• Task to complete: Check every line of the data below for the string "finType", and copy the ones that hold it.

Top of Data to process

(* A closed reversible reaction network $(X,\mathscr{R})$ with stoichiometric matrix $S$ is free of cornucopias and abysses if and only if there is no vector $v\in\mathbb{R}^{\mathscr{R}}$ such that $Sv>0$.
   Context: A reaction network (RN) $(X,\mathscr{R})$ consists of a finite non-empty set $X$ of species and a finite non-empty set $\mathscr{R}$ of reactions. Each reaction $r$ is given by stoichiometric coefficients $s^-_{xr},s^+_{xr}\in\mathbb{N}_0$. The stoichiometric matrix $S\in\mathbb{Z}^{X\times\mathscr{R}}$ has entries $S_{xr}=s^+_{xr}-s^-_{xr}$. The RN is closed if every reaction $r$ has $x,y$ with $S_{xr}<0<S_{yr}$. The reverse $\bar r$ of $r$ has $s^-_{x\bar r}=s^+_{xr}$ and $s^+_{x\bar r}=s^-_{xr}$. The RN is reversible if $r\in\mathscr{R}$ implies $\bar r\in\mathscr{R}$. For a real vector $w$, $w>0$ means $w$ is componentwise non-negative and nonzero, and $w<0$ means $-w>0$. A vector $v\in\mathbb{R}^{\mathscr{R}}$ with $v>0$ is a cornucopia if $Sv>0$ and an abyss if $Sv<0$. *)

From mathcomp Require Import all_boot all_order all_algebra.
Set Implicit Arguments. Unset Strict Implicit. Unset Printing Implicit Defensive.
Import Order.TTheory GRing.Theory Num.Theory.
Local Open Scope ring_scope.

(* A reaction network with species X and reactions Rn (finite types), given by
   stoichiometric coefficients sm x r = s^-_{xr} and sp x r = s^+_{xr}. *)

Definition stoich {X Rn : finType} (sm sp : X -> Rn -> nat) {R : pzRingType}
  (x : X) (r : Rn) : R := (sp x r)%:R - (sm x r)%:R.

Definition stoich_apply {X Rn : finType} (sm sp : X -> Rn -> nat) {R : pzRingType}
  (v : Rn -> R) (x : X) : R := \sum_(r : Rn) stoich sm sp x r * v r.

Definition closed_RN {X Rn : finType} (sm sp : X -> Rn -> nat) : Prop :=
  forall r : Rn, exists x y : X,
    (stoich sm sp x r < 0 :> int) /\ (0 < stoich sm sp y r :> int).

Definition reversible_RN {X Rn : finType} (sm sp : X -> Rn -> nat) : Prop :=
  forall r : Rn, exists rb : Rn, forall x : X, sm x rb = sp x r /\ sp x rb = sm x r.

(* w > 0 : componentwise nonnegative and nonzero *)
Definition vpos {I : Type} {R : numDomainType} (w : I -> R) : Prop :=
  (forall i, 0 <= w i) /\ exists i, w i != 0.

Definition vneg {I : Type} {R : numDomainType} (w : I -> R) : Prop :=
  vpos (fun i => - w i).

Definition cornucopia {X Rn : finType} (sm sp : X -> Rn -> nat) {R : numDomainType}
  (v : Rn -> R) : Prop := vpos v /\ vpos (stoich_apply sm sp v).

Definition abyss {X Rn : finType} (sm sp : X -> Rn -> nat) {R : numDomainType}
  (v : Rn -> R) : Prop := vpos v /\ vneg (stoich_apply sm sp v).

From mathcomp Require Import all_boot all_order all_algebra.
Set Implicit Arguments. Unset Strict Implicit. Unset Printing Implicit Defensive.
Import Order.TTheory GRing.Theory Num.Theory.
Local Open Scope ring_scope.

(* If S v > 0 for some v, write v = p - n with p, n >= 0.  Reversibility gives
   a map r |-> rb with S e_rb = - S e_r, so - S n is the image of the
   nonnegative vector obtained by moving the mass of n from each r to rb.
   Hence w := p + (n moved to the reverse reactions) is a cornucopia with
   S w = S v.  Conversely a cornucopia v has S v > 0, and an abyss v has
   S (-v) > 0. *)

Lemma eq_vpos (I : Type) (R : numDomainType) (v w : I -> R) :
  v =1 w -> vpos v -> vpos w.
Proof. by move=> e [v_ge0 [i vi_neq0]]; split=> [j|]; [|exists i]; rewrite -e. Qed.

Section Stoichiometry.

Variables (X Rn : finType) (sm sp : X -> Rn -> nat).

Lemma stoich_applyN (R : pzRingType) (v : Rn -> R) x :
  stoich_apply sm sp (fun r => - v r) x = - stoich_apply sm sp v x.
Proof. by rewrite /stoich_apply -sumrN; apply: eq_bigr => r _; rewrite mulrN. Qed.

Lemma stoich_applyD (R : pzRingType) (v w : Rn -> R) x :
  stoich_apply sm sp (fun r => v r + w r) x
  = stoich_apply sm sp v x + stoich_apply sm sp w x.
Proof. by rewrite /stoich_apply -big_split; apply: eq_bigr => r _; rewrite mulrDr. Qed.

Lemma stoich_apply_eq0 (R : pzRingType) (v : Rn -> R) x :
  (forall r, v r = 0) -> stoich_apply sm sp v x = 0.
Proof. by move=> v0; rewrite /stoich_apply big1 // => r _; rewrite v0 mulr0. Qed.

Lemma reversible_stoich_rev :
  reversible_RN sm sp ->
  exists rev : Rn -> Rn,
    forall (R : pzRingType) x r, stoich sm sp x (rev r) = - stoich sm sp x r :> R.
Proof.
move=> /fin_all_exists[rev rev_coef]; exists rev => R x r.
by rewrite /stoich; have [-> ->] := rev_coef r x; rewrite opprB.
Qed.

Lemma stoich_apply_pushforward (R : pzRingType) (f : Rn -> Rn) (v : Rn -> R) x :
  stoich_apply sm sp (fun r => \sum_(r0 | f r0 == r) v r0) x
  = \sum_r stoich sm sp x (f r) * v r.
Proof.
rewrite /stoich_apply [RHS](partition_big f predT) //=.
by apply: eq_bigr => r _; rewrite mulr_sumr; apply: eq_bigr => r0 /eqP ->.
Qed.

Lemma reversible_nonneg_preimage (R : realDomainType) (v : Rn -> R) :
  reversible_RN sm sp ->
  exists w : Rn -> R,
    (forall r, 0 <= w r) /\ stoich_apply sm sp w =1 stoich_apply sm sp v.
Proof.
move=> /reversible_stoich_rev[rev stoich_rev].
pose p r := Num.max (v r) 0; pose n r := p r - v r.
have p_ge0 r : 0 <= p r by rewrite le_max lexx orbT.
have n_ge0 r : 0 <= n r by rewrite subr_ge0 le_max lexx.
exists (fun r => p r + \sum_(r0 | rev r0 == r) n r0); split=> [r|x].
  by rewrite addr_ge0 ?sumr_ge0.
rewrite stoich_applyD stoich_apply_pushforward.
under eq_bigr do rewrite stoich_rev mulNr.
rewrite sumrN -/(stoich_apply sm sp n x) -stoich_applyN -stoich_applyD.
by apply: eq_bigr => r _; rewrite /n opprB addrC subrK.
Qed.

Lemma reversible_cornucopia (R : realDomainType) (v : Rn -> R) :
  reversible_RN sm sp -> vpos (stoich_apply sm sp v) ->
  exists w : Rn -> R, cornucopia sm sp w.
Proof.
move=> /(reversible_nonneg_preimage v)[w [w_ge0 Sw]] Sv_pos.
have Sw_pos : vpos (stoich_apply sm sp w) by apply: eq_vpos Sv_pos => x; rewrite Sw.
exists w; split=> //; split=> //.
have [x Swx_neq0] := Sw_pos.2; apply/existsP; apply: contraNT Swx_neq0.
by move=> /existsPn w0; rewrite stoich_apply_eq0 // => r; apply/eqP/negPn/w0.
Qed.

End Stoichiometry.

Theorem proposition6 (R : realFieldType) (X Rn : finType)
  (sm sp : X -> Rn -> nat)
  (hX : (0 < #|X|)%N) (hRn : (0 < #|Rn|)%N)
  (hclosed : closed_RN sm sp) (hrev : reversible_RN sm sp) :
  ((forall v : Rn -> R, ~ cornucopia sm sp v) /\
   (forall v : Rn -> R, ~ abyss sm sp v))
  <-> ~ (exists v : Rn -> R, vpos (stoich_apply sm sp v)).
Proof.
split=> [[no_cornucopia _] [v Sv_pos] | no_pos_image].
  by have [w] := reversible_cornucopia hrev Sv_pos; apply: no_cornucopia.
split=> v [_ Sv_sign]; apply: no_pos_image; first by exists v.
by exists (fun r => - v r); apply: eq_vpos Sv_sign => x; rewrite stoich_applyN.
Qed.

Bottom of Data to process

• Solution to this task:
Definition stoich {X Rn : finType} (sm sp : X -> Rn -> nat) {R : pzRingType}
Definition stoich_apply {X Rn : finType} (sm sp : X -> Rn -> nat) {R : pzRingType}
Definition closed_RN {X Rn : finType} (sm sp : X -> Rn -> nat) : Prop :=
Definition reversible_RN {X Rn : finType} (sm sp : X -> Rn -> nat) : Prop :=
Definition cornucopia {X Rn : finType} (sm sp : X -> Rn -> nat) {R : numDomainType}
Definition abyss {X Rn : finType} (sm sp : X -> Rn -> nat) {R : numDomainType}
Variables (X Rn : finType) (sm sp : X -> Rn -> nat).
Theorem proposition6 (R : realFieldType) (X Rn : finType)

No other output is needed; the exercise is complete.